Undertaking seagrass restoration for Sustainable Shellfish and drafting a management plan action guideline for seagrass restoration
Objective 1: To quantify the use value of seagrass meadows, namely invertebrate fisheries in two selected locations: Maputo and Inhambane Bays.
Objective 2: To widely describe the role of this fishery in the wellbeing of the communities by means of surveying availability of edible clams and snails, revenues and key actors involved in this fishery and document value chains to communities and related business such as markets and tourism.

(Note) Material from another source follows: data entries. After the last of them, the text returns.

(* Under Rayleigh fading ($m_{\rm rd}=m_{\rm sd}=1$), for every $r>0$, $P_{\rm r}>0$ and $\mathcal C_x\in[0,1)$, \[ \mathcal P_{\rm rd}(P_{\rm r},\mathcal C_x)=1-\frac{\exp\!\left(-\frac{\Psi_r(\mathcal C_x)}{P_{\rm r}\pi_{\rm rd}(1-\mathcal C_x^2)}\right)}{P_{\rm s}\pi_{\rm sd}\frac{\Psi_r(\mathcal C_x)}{P_{\rm r}\pi_{\rm rd}(1-\mathcal C_x^2)}+1}. \] In particular, for $\mathcal C_x=0$ this equals $1-\frac{P_{\rm r}\pi_{\rm rd}e^{-\eta/(P_{\rm r}\pi_{\rm rd})}}{P_{\rm r}\pi_{\rm rd}+P_{\rm s}\pi_{\rm sd}\eta}$, and as $\mathcal C_x\to1$ it tends to $1-\frac{e^{-\gamma/(2P_{\rm r}\pi_{\rm rd})}}{\frac{\gamma P_{\rm s}\pi_{\rm sd}}{2P_{\rm r}\pi_{\rm rd}}+1}$.
   Context: Let $P_{\rm s}>0$, $P_{\rm r}>0$. Rayleigh fading: $g_{\rm rd},g_{\rm sd}$ are independent exponential random variables with means $\pi_{\rm rd},\pi_{\rm sd}>0$. For $\mathcal C_x\in[0,1)$ define $R_{\rm rd}(P_{\rm r},\mathcal C_x)=\tfrac12\log_2\frac{(P_{\rm r}g_{\rm rd}+P_{\rm s}g_{\rm sd}+1)^2-(P_{\rm r}g_{\rm rd}\mathcal C_x)^2}{(P_{\rm s}g_{\rm sd}+1)^2}$. For a target rate $r>0$ put $\gamma=2^{2r}-1$, $\eta=2^r-1$ and $\Psi_r(x)=\sqrt{1+\gamma(1-x^2)}-1$. The R–D outage probability is $\mathcal P_{\rm rd}=\mathbb P\{R_{\rm rd}<r\}$. *)

From Stdlib Require Import Reals Lra.
Open Scope R_scope.

Definition log2 (z : R) : R := ln z / ln 2.

Definition R_rd (Ps Pr Cx grd gsd : R) : R :=
  / 2 * log2 (((Pr * grd + Ps * gsd + 1) ^ 2 - (Pr * grd * Cx) ^ 2)
              / (Ps * gsd + 1) ^ 2).

Definition gam (r : R) : R := Rpower 2 (2 * r) - 1.
Definition eta (r : R) : R := Rpower 2 r - 1.
Definition Psi (r x : R) : R := sqrt (1 + gam r * (1 - x ^ 2)) - 1.

Definition exp_pdf (mu x : R) : R := / mu * exp (- x / mu).

Definition IntegralIs (f : R -> R) (a b v : R) : Prop :=
  exists pr : Riemann_integrable f a b, RiemannInt pr = v.

Definition ImproperInt0 (f : R -> R) (l : R) : Prop :=
  forall eps, 0 < eps -> exists B, forall b, B <= b ->
    exists v, IntegralIs f 0 b v /\ Rabs (v - l) < eps.

Definition indic {P : Prop} (d : {P} + {~ P}) : R := if d then 1 else 0.

(* P{ R_rd < r } = p, where g_rd ~ Exp(mean pird), g_sd ~ Exp(mean pisd)
   independent: the probability is the iterated integral of the joint
   density times the indicator of the outage event. *)
Definition outage_prob_is (Ps Pr Cx pird pisd r p : R) : Prop :=
  exists h : R -> R,
    (forall y, 0 <= y ->
       ImproperInt0
         (fun x => exp_pdf pird x * exp_pdf pisd y *
                   indic (Rlt_dec (R_rd Ps Pr Cx x y) r)) (h y)) /\
    ImproperInt0 h p.

Definition Prd_formula (Ps Pr Cx pird pisd r : R) : R :=
  let t := Psi r Cx / (Pr * pird * (1 - Cx ^ 2)) in
  1 - exp (- t) / (Ps * pisd * t + 1).

From Coquelicot Require Import Coquelicot.
From Stdlib Require Import Reals Lra Psatz.
Open Scope R_scope.

(** Solving the quadratic inequality hidden in [R_rd < r] shows that, for a
    fixed S-D gain [y], the R-D gain is in outage exactly on the interval
    [x < (Ps y + 1) k] with [k = Psi r Cx / (Pr (1 - Cx^2))].  Integrating the
    exponential density of [g_rd] over this interval gives
    [1 - exp (-(Ps y + 1) k / pird)], and averaging over the exponential [g_sd]
    leaves a difference of two exponentials whose integral is the closed form.
    Rationalizing [Psi r Cx / (1 - Cx^2)] removes the singularity at [Cx = 1],
    which yields the limit. *)

Lemma IntegralIs_is_RInt f a b v : is_RInt f a b v -> IntegralIs f a b v.
Proof.
  intros H. exists (ex_RInt_Reals_0 f a b (ex_intro _ v H)).
  rewrite <- RInt_Reals. now apply is_RInt_unique.
Qed.

Lemma ImproperInt0_of_is_lim (f v : R -> R) (l : R) :
  (forall b, 0 <= b -> is_RInt f 0 b (v b)) -> is_lim v p_infty l ->
  ImproperInt0 f l.
Proof.
  intros Hint Hlim eps Heps.
  apply is_lim_spec in Hlim. unfold is_lim' in Hlim.
  destruct (Hlim (mkposreal eps Heps)) as [M HM].
  exists (Rmax 0 M + 1). intros b Hb.
  assert (H0M := Rmax_l 0 M). assert (HMM := Rmax_r 0 M).
  exists (v b). split.
  - apply IntegralIs_is_RInt, Hint. lra.
  - apply HM. lra.
Qed.

Lemma is_RInt_exp_decay A mu a b : 0 < mu ->
  is_RInt (fun x => A * exp (- x / mu)) a b
    (A * mu * (exp (- a / mu) - exp (- b / mu))).
Proof.
  intros Hmu.
  assert (H := @is_RInt_derive R_CompleteNormedModule
    (fun x => - (A * mu) * exp (- x / mu)) (fun x => A * exp (- x / mu)) a b).
  replace (A * mu * (exp (- a / mu) - exp (- b / mu)))
    with (minus (- (A * mu) * exp (- b / mu)) (- (A * mu) * exp (- a / mu)))
    by (unfold minus, plus, opp; simpl; ring).
  apply H.
  - intros x _. auto_derive; [easy|]. unfold Rdiv. field. lra.
  - intros x _. apply (@ex_derive_continuous R_AbsRing R_NormedModule).
    auto_derive. easy.
Qed.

Objective 3: To undertake a seagrass restoration in seagrass-degraded sites as documented and published for Maputo and identify possible restoration sites in Inhambane Bay and begin a pilot restoration program.
Objective 4: To document key good practices of invertebrate fisheries also seagrass conservation and specifically role of woman as generators of household income generating derived from seagrass invertebrate fisheries.
Objective 5: To draft a management action plan for seagrass meadows for Maputo Bay and add a seagrass component to the existing management plan for Inhambane Bay Community Conservation Network.
Seagrass meadows play a significant role in providing ecosystem services, including food and habitat for marine organisms (shellfish and finfish), as well as many important services to local communities in Maputo Bay (MB) and Inhambane Bay (IB), in southern Mozambique. For instance, in western MB more than 300 people, mostly women, assemble daily within seagrass dominated intertidal areas to harvest clams and other invertebrates for their basic livelihoods. However, in both sites, seagrass meadows have been threatened by anthropogenic pressures (e.g. use of destructive fishing gears) and natural causes (cyclones, flooding and related sedimentation) leading to an increasing loss of seagrass meadows. Nonetheless, effective conservation and restoration efforts of seagrass in MB and IB are still limited, given a lack of information and a need for awareness about the link between seagrass, fisheries and community well-being.
This project intends to establish a seagrass plan of action that would deliver ecological, economic and socio-anthropological information on invertebrate fisheries and engage the local community in good practices for seagrass restoration and conservation. It will further assist in the implementation of national agendas (e.g the 2017 Marine Policy and Fisheries Law and Integrated Coastal Zone Management (ICZM) entailing blue carbon management and fisheries sustainability) and global agendas such as Sustainable Development Goal (SDG) 14.2 highlighting restoration initiatives to achieve healthy and productive oceans. Therefore, in order to achieve these objectives, the Eduardo Mondlane University (Department do Biological Sciences and Faculty of Arts Social Science), together with NGOs/CSOs and Municipalities will collaborate to develop an integrated knowledge of seagrass resources, ecosystem management and restoration practices in Maputo Bay and Inhambane Bay. The project specifically seeks to (i) document invertebrate fisheries, their use value; ii) document value chain of the invertebrate fisheries to communities; iii) undertake key good practices for seagrass restoration in MB and IB based on standard sediment (plug, sod) and sediment free (staple, rod) restoration methods.
The project is designed to directly benefit seagrass invertebrate fisheries gleaners, researchers and students. Indirectly, it will benefit the municipalities and government, private consultancies, NGOs and CSOs, and society in general. Moreover, the project implementation will take in consideration ethics and human rights, as well as incorporate and mainstream gender issues.